In short, the key requirements for an enterprise PC backup should be -

  1. Simple and Automated
  2. Non-intrusive – Light weight and resource/power friendly
  3. Secure and Internet friendly
  4. WAN and bandwidth optimized
  5. Support for incremental backup for large files like Outlook PST
  6. On-demand restore points

Features Explained -

1. Simple and Automated

“Backing up your PC is one of those things, like eating right or changing your oil on time, that everybody knows they’re supposed to do, but too few people actually carry off well…”

Walter Mossberg, The Wall Street Journal

Surprisingly most of the Notebook backup solutions still have calender schedules. IMO, this is prehistoric. The setup should be max 5 steps and schedules as simple as – “Run every 4 hours”.

2. Non-intrusive – Light weight and resource/power friendly

The primary reason employees hate backup is because of the system/network slowdowns caused by the backup which ticks in as soon as the user logs in.

Laptops are replacing desktops in most of the enterprises, but the software still hasn’t evolved. Backups should be resource friendly and optimized low power consumption. Also, simple options like these can make a lot of difference

  • Don’t backup when i am on battery
  • Consume max 10% of my CPU
  • Consume max. 20% of my bandwidth

3. WAN and Bandwidth optimized

Every company has a reasonably good percentage of mobile workforce. And usually this includes the top-tier management (CEO, and likes). With increasing laptop thefts and data risks, backups should be WAN/Internet ready.

The user should be able to choose a bandwidth (something like use 10% of my bandwidth) and the backup solution should just do the job, even over the weakest internet links. This also greatly helps in cross-office backups and backup consolidation efforts.

4. Secure and Internet friendly

Security is very important, specially when you are over WAN/VPN. Most of the backup solutions are Server triggered, making security policies for firewalls and monitoring very diffic ult (every one is afraid, when they see data flowing out of their network).

The backups should be client triggered, so that the server side firewalls just allow and monitor inbound traffic. Also,The solution should be able to securely setup encrypted/authenticated channels to backup. (SSL channels are best, when it comes to WAN/Internet)

5. Support for incremental sync for large files like Outlook PST

With data increasing, and WAN coming into picture it is very important that the backups are incremental in nature and only the changed bits are copied back to the server.

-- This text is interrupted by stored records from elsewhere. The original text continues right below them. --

End MorphOnTotal.

Section Embeddings.
Variable L : numClosedFieldType.
Implicit Types (D : {pred L}) (t : L -> L) (a b c : L) (p q : {poly L}).

Definition algebraic_over D c :=
  exists2 p, p \is a polyOver D & p != 0 /\ root p c.

(* Exactly what makes p(a)/q(a) |-> t(p)(b)/t(q)(b) well defined on D(a). *)
Definition compatible D t a b :=
  forall p, p \is a polyOver D -> root p a = root (map_poly t p) b.

Definition admissible D t :=
  [/\ GRing.divring_closed D, morph_on D t & {in D, forall y, algebraic_over D (t y)}].

Definition extends D t D2 t2 := {subset D <= D2} /\ {in D, t2 =1 t}.

Lemma divring_closed0 D : GRing.divring_closed D -> 0 \in D.
Proof. by case=> D1 DB _; rewrite -(subrr 1) DB. Qed.

Lemma polyOver_coefP D p : 0 \in D -> reflect (forall i, p`_i \in D) (p \is a polyOver D).
Proof.
move=> D0; apply: (iffP (all_nthP 0)) => Dp i; last by move=> _; exact: Dp.
by case: (ltnP i (size p)) => [/Dp // | le]; rewrite nth_default.
Qed.

Lemma divring_closedM D : GRing.divring_closed D -> {in D &, forall x y, x * y \in D}.
Proof.
case=> D1 _ DV x y Dx Dy; rewrite -[y]invrK; apply: (DV) => //.
by rewrite -div1r DV.
Qed.

Lemma extends_refl D t : extends D t D t.
Proof. by split. Qed.

Lemma extends_trans D1 t1 D2 t2 D3 t3 :
  extends D1 t1 D2 t2 -> extends D2 t2 D3 t3 -> extends D1 t1 D3 t3.
Proof.
move=> [s12 e12] [s23 e23]; split=> [y /s12/s23 // | y D1y].
by rewrite e23 ?e12 // s12.
Qed.

Lemma algebraic_over_sub D1 D2 c :
  {subset D1 <= D2} -> algebraic_over D1 c -> algebraic_over D2 c.
Proof. by move=> sD [p Dp pc]; exists p => //; apply: polyOverS Dp. Qed.

Section MorphOn.
Variables (D : {pred L}) (t : L -> L).
Hypotheses (HD : GRing.divring_closed D) (Ht : morph_on D t).

Lemma morph_on0 : t 0 = 0.
Proof.
have D0 := divring_closed0 HD; case: Ht => tB _ _.
by rewrite -(subrr 0) tB ?subrr.
Qed.

Lemma morph_on_eq0 x : x \in D -> (t x == 0) = (x == 0).
Proof.
move=> Dx; apply/idP/idP => [tx0|/eqP->]; last by rewrite morph_on0.
apply/negPn/negP => x_nz; case: HD Ht => D1 _ DV [_ tM t1].
have Dx' : x^-1 \in D by rewrite -div1r DV.
by move: (tM _ _ Dx Dx'); rewrite mulfV // t1 (eqP tx0) mul0r => /eqP; rewrite oner_eq0.
Qed.

Lemma coef_map_morph_on p i : (map_poly t p)`_i = t p`_i.
Proof. by rewrite coef_map_id0 // morph_on0. Qed.

Lemma map_poly_morph_on_eq0 p : p \is a polyOver D -> (map_poly t p == 0) = (p == 0).
Proof.
move=> /(polyOver_coefP _ (divring_closed0 HD)) Dp.
apply/idP/idP => [|/eqP->]; last by rewrite map_poly0.
apply: contraLR => p_nz; apply/eqP => /(congr1 (fun q => q`_(size p).-1))/eqP.
by rewrite coef_map_morph_on coef0 (morph_on_eq0 (Dp _)) -lead_coefE lead_coef_eq0 (negbTE p_nz).
Qed.

End MorphOn.

Section Subfield.
Variables (D : {pred L}) (HD : GRing.divring_closed D).

Inductive subfield := Subfield x of x \in D.
Definition subfield_val u := let: Subfield x _ := u in x.
HB.instance Definition _ := [isSub for subfield_val].
HB.instance Definition _ := [Choice of subfield by <:].
HB.instance Definition _ := GRing.SubChoice_isSubIntegralDomain.Build L D subfield HD.
HB.instance Definition _ := [SubIntegralDomain_isSubField of subfield by <:].

Lemma polyOver_map_val (q : {poly subfield}) : map_poly val q \is a polyOver D.
Proof.
by apply/(polyOver_coefP _ (divring_closed0 HD)) => i; rewrite coef_map /=; exact: valP.
Qed.

Lemma polyOver_lift p : p \is a polyOver D -> exists q : {poly subfield}, p = map_poly val q.
Proof.
move=> /(polyOver_coefP _ (divring_closed0 HD)) Dp.
exists (\poly_(i < size p) insubd (0 : subfield) p`_i).
apply/polyP=> i; rewrite coef_map /= coef_poly.
by case: ltnP => [_|le]; [rewrite insubdK | rewrite nth_default].
Qed.

Lemma algebraic_overE c : algebraic_over D c <-> algebraicOver (val : subfield -> L) c.
Proof.
split=> [[p /polyOver_lift[q ->] [nz qc]]|[q nz qc]].
  by exists q => //; apply: contra nz => /eqP->; rewrite map_poly0.
by exists (map_poly val q); rewrite ?polyOver_map_val ?map_poly_eq0.
Qed.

6. On-demand restore (points)

Sending an email to admin to get the data back is surely complete NO, specially when the user may be off-site/traveling. The backup software should facilitate a smart (possibly browser) based remote and secure data restore.

So next time you choose a backup software for your personal or enterprise needs, make sure it has evolved to have the above mentioned features.

And remember – backup more, backup often.